[Records from a data collection]
Lemma card_orbit_cent_involution (B : {group {perm T}}) y : B \subset 'C[i] ->
  (#|orbit 'P B y| ^ 2 <= 2 ^ #|orbit 'P B y :|: i @: orbit 'P B y|)%N.
Proof.
move=> sBC; set O := orbit 'P B y; have iOE := orbit_cent_involutionE y sBC.
have [Oiy|Oiy] := boolP (i y \in O).
  have iO : {in O, forall z, i z \in O}.
    by move=> z Oz; rewrite /O -(orbit_eqP Oiy) -iOE imset_f.
  have -> : O :|: i @: O = O by apply/setUidPl/subsetP => _ /imsetP[z /iO Oz ->].
  exact/sq_le_pow2_even/even_card_involution_stable.
rewrite cardsU (card_imset _ perm_inj).
suff -> : O :&: i @: O = set0 by rewrite cards0 subn0 sq_le_pow2_double.
apply/setP => z; rewrite !inE iOE; apply/negbTE; apply: contra Oiy => /andP[Oz Oiyz].
by rewrite -(orbit_transl y Oiyz).
Qed.

Lemma card_abelian_cent_involution (B : {group {perm T}}) (X : {set T}) :
  abelian B -> B \subset 'C[i] -> {in X, forall z, i z \in X} ->
  (forall b z, b \in B -> z \notin X -> b z = z) -> (#|B| ^ 2 <= 2 ^ #|X|)%N.
Proof.
elim: {X}_.+1 {-2}X (ltnSn #|X|) B => // n IHn X ltXn B cB sBC stX fixB.
have [X0|[y Xy]] := set_0Vmem X.
  suff -> : B :=: 1 by rewrite cards1 X0 cards0.
  apply/trivgP/subsetP => b Bb; rewrite inE; apply/eqP/permP => z.
  by rewrite perm1 fixB // X0 inE.
set O := orbit 'P B y; set S := 'C_B[y | 'P]; set U := O :|: i @: O.
have sSB : S \subset B := subsetIl _ _.
have OX : O \subset X.
  apply/subsetP => _ /orbitP[b Bb <-] /=; rewrite apermE; apply: contraT => bXy.
  by have /perm_inj byy := fixB b _ Bb bXy; rewrite byy Xy in bXy.
have UX : U \subset X.
  by rewrite subUset OX; apply/subsetP => _ /imsetP[z /(subsetP OX) Xz ->]; apply: stX.
have SfixO s z : s \in S -> z \in O -> s z = z.
  case/setIP=> Bs /astab1P sy /orbitP[b Bb <-] /=; rewrite apermE.
  by rewrite -permM (centsP cB b Bb s Bs) permM; apply: congr1 sy.
have fixS s z : s \in S -> z \notin X :\: U -> s z = z.
  move=> Ss; rewrite inE negb_and negbK => /orP[/setUP[/(SfixO s z Ss)//|/imsetP[w Ow ->]]|].
    rewrite -cent1_involutionC ?(subsetP (subset_trans sSB sBC)) //.
    by congr (i _); apply: SfixO.
  by apply: fixB; apply: (subsetP sSB).
have stXU : {in X :\: U, forall z, i z \in X :\: U}.
  move=> z; rewrite !inE => /andP[Uz Xz]; rewrite stX // andbT.
  apply: contra Uz => /orP[Oiz|/imsetP[w Ow /perm_inj ->]]; last by rewrite Ow.
  by apply/orP; right; apply/imsetP; exists (i z); rewrite ?iK.
have cardX := cardsID U X; rewrite (setIidPr UX) in cardX.
have ltXU : (#|X :\: U| < n)%N.
  have : (0 < #|U|)%N by apply/card_gt0P; exists y; rewrite inE orbit_refl.
  by move: ltXn; rewrite -cardX; lia.
have := IHn _ ltXU S (abelianS sSB cB) (subset_trans sSB sBC) stXU fixS.
rewrite -(card_orbit_stab 'P B y) -/O -/S -cardX expnD expnMn; apply: leq_mul.
exact: card_orbit_cent_involution.
Qed.

End CentralisingInvolution.

(* A permutation s of 'I_10 is encoded by the list [:: s 0; ...; s 9], on which
   products and membership tests can be evaluated with vm_compute. *)
Definition lid : seq nat := iota 0 10.
Definition lmul (p q : seq nat) : seq nat := map (nth 0 q) p.
Definition lexp (p : seq nat) (n : nat) : seq nat := iter n (lmul^~ p) lid.
Definition is_lperm (p : seq nat) : bool :=
  [&& size p == 10, uniq p & all (fun k => k < 10) p].

Definition lperm (p : seq nat) : {perm 'I_10} :=
  insubd (1 : {perm 'I_10}) [ffun i : 'I_10 => inord (nth 0 p i) : 'I_10].
Definition lperms (L : seq (seq nat)) : {set {perm 'I_10}} := [set x | x \in map lperm L].

Lemma is_lperm_nth p k : is_lperm p -> k < 10 -> nth 0 p k < 10.
Proof. by case/and3P=> /eqP sz _ /allP lt_p ltk; apply/lt_p/mem_nth; rewrite sz. Qed.

Lemma lpermE p i : is_lperm p -> lperm p i = inord (nth 0 p i).
Proof.
move=> lp_p; rewrite /lperm -pvalE insubdK ?ffunE //; apply/injectiveP => j k.
rewrite !ffunE => /(congr1 (@nat_of_ord 10)); rewrite !inordK ?is_lperm_nth // => ejk.
case/and3P: lp_p => /eqP sz up _; apply/eqP; rewrite -val_eqE /=.
by rewrite -(nth_uniq 0 _ _ up) ?sz // ejk.
Qed.

Lemma is_lperm_mul p q : is_lperm p -> is_lperm q -> is_lperm (lmul p q).
Proof.
move=> lp_p lp_q; have /and3P[/eqP szp up /allP ltp] := lp_p.
have /and3P[/eqP szq uq _] := lp_q.
rewrite /is_lperm size_map szp eqxx /=; apply/andP; split.
  by rewrite map_inj_in_uniq // => j k /ltp ltj /ltp ltk /eqP; rewrite nth_uniq ?szq // => /eqP.
by apply/allP=> _ /mapP[k /ltp ltk ->]; apply: is_lperm_nth.
Qed.

Lemma lpermM p q : is_lperm p -> is_lperm q -> lperm (lmul p q) = lperm p * lperm q.
Proof.
move=> lp_p lp_q; apply/permP => i; rewrite permM !lpermE ?is_lperm_mul //.
have /and3P[/eqP szp _ _] := lp_p.
by rewrite (nth_map 0) ?szp // inordK ?is_lperm_nth.
Qed.

Lemma lperm_inj p q : is_lperm p -> is_lperm q -> lperm p = lperm q -> p = q.
Proof.
move=> lp_p lp_q epq; have /and3P[/eqP szp _ _] := lp_p; have /and3P[/eqP szq _ _] := lp_q.
apply: (@eq_from_nth _ 0) => [|k]; rewrite szp // => ltk.
have /(congr1 (@nat_of_ord 10)) := congr1 (fun s : {perm 'I_10} => s (Ordinal ltk)) epq.
by rewrite !lpermE //= !inordK ?is_lperm_nth.
Qed.

Lemma lperm1 : lperm lid = 1.
Proof. by apply/permP => i; rewrite lpermE // perm1 nth_iota //= inord_val. Qed.

Lemma is_lperm_exp p n : is_lperm p -> is_lperm (lexp p n).
Proof. by move=> lp_p; elim: n => //= n IHn; apply: is_lperm_mul. Qed.

Lemma lpermX p n : is_lperm p -> lperm (lexp p n) = lperm p ^+ n.
Proof.
move=> lp_p; elim: n => [|n IHn] /=; first by rewrite lperm1.
by rewrite lpermM ?is_lperm_exp // IHn expgSr.
Qed.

◆ **What the task requires**
From the records above, transcribe without alteration every line from the one with "by rewrite -(nth_uniq 0 _ _ up) ?sz // ejk." to the one with "Lemma lperm1 : lperm lid = 1.", inclusive.

◆ **Answer section**
by rewrite -(nth_uniq 0 _ _ up) ?sz // ejk.
Qed.

Lemma is_lperm_mul p q : is_lperm p -> is_lperm q -> is_lperm (lmul p q).
Proof.
move=> lp_p lp_q; have /and3P[/eqP szp up /allP ltp] := lp_p.
have /and3P[/eqP szq uq _] := lp_q.
rewrite /is_lperm size_map szp eqxx /=; apply/andP; split.
  by rewrite map_inj_in_uniq // => j k /ltp ltj /ltp ltk /eqP; rewrite nth_uniq ?szq // => /eqP.
by apply/allP=> _ /mapP[k /ltp ltk ->]; apply: is_lperm_nth.
Qed.

Lemma lpermM p q : is_lperm p -> is_lperm q -> lperm (lmul p q) = lperm p * lperm q.
Proof.
move=> lp_p lp_q; apply/permP => i; rewrite permM !lpermE ?is_lperm_mul //.
have /and3P[/eqP szp _ _] := lp_p.
by rewrite (nth_map 0) ?szp // inordK ?is_lperm_nth.
Qed.

Lemma lperm_inj p q : is_lperm p -> is_lperm q -> lperm p = lperm q -> p = q.
Proof.
move=> lp_p lp_q epq; have /and3P[/eqP szp _ _] := lp_p; have /and3P[/eqP szq _ _] := lp_q.
apply: (@eq_from_nth _ 0) => [|k]; rewrite szp // => ltk.
have /(congr1 (@nat_of_ord 10)) := congr1 (fun s : {perm 'I_10} => s (Ordinal ltk)) epq.
by rewrite !lpermE //= !inordK ?is_lperm_nth.
Qed.

Lemma lperm1 : lperm lid = 1.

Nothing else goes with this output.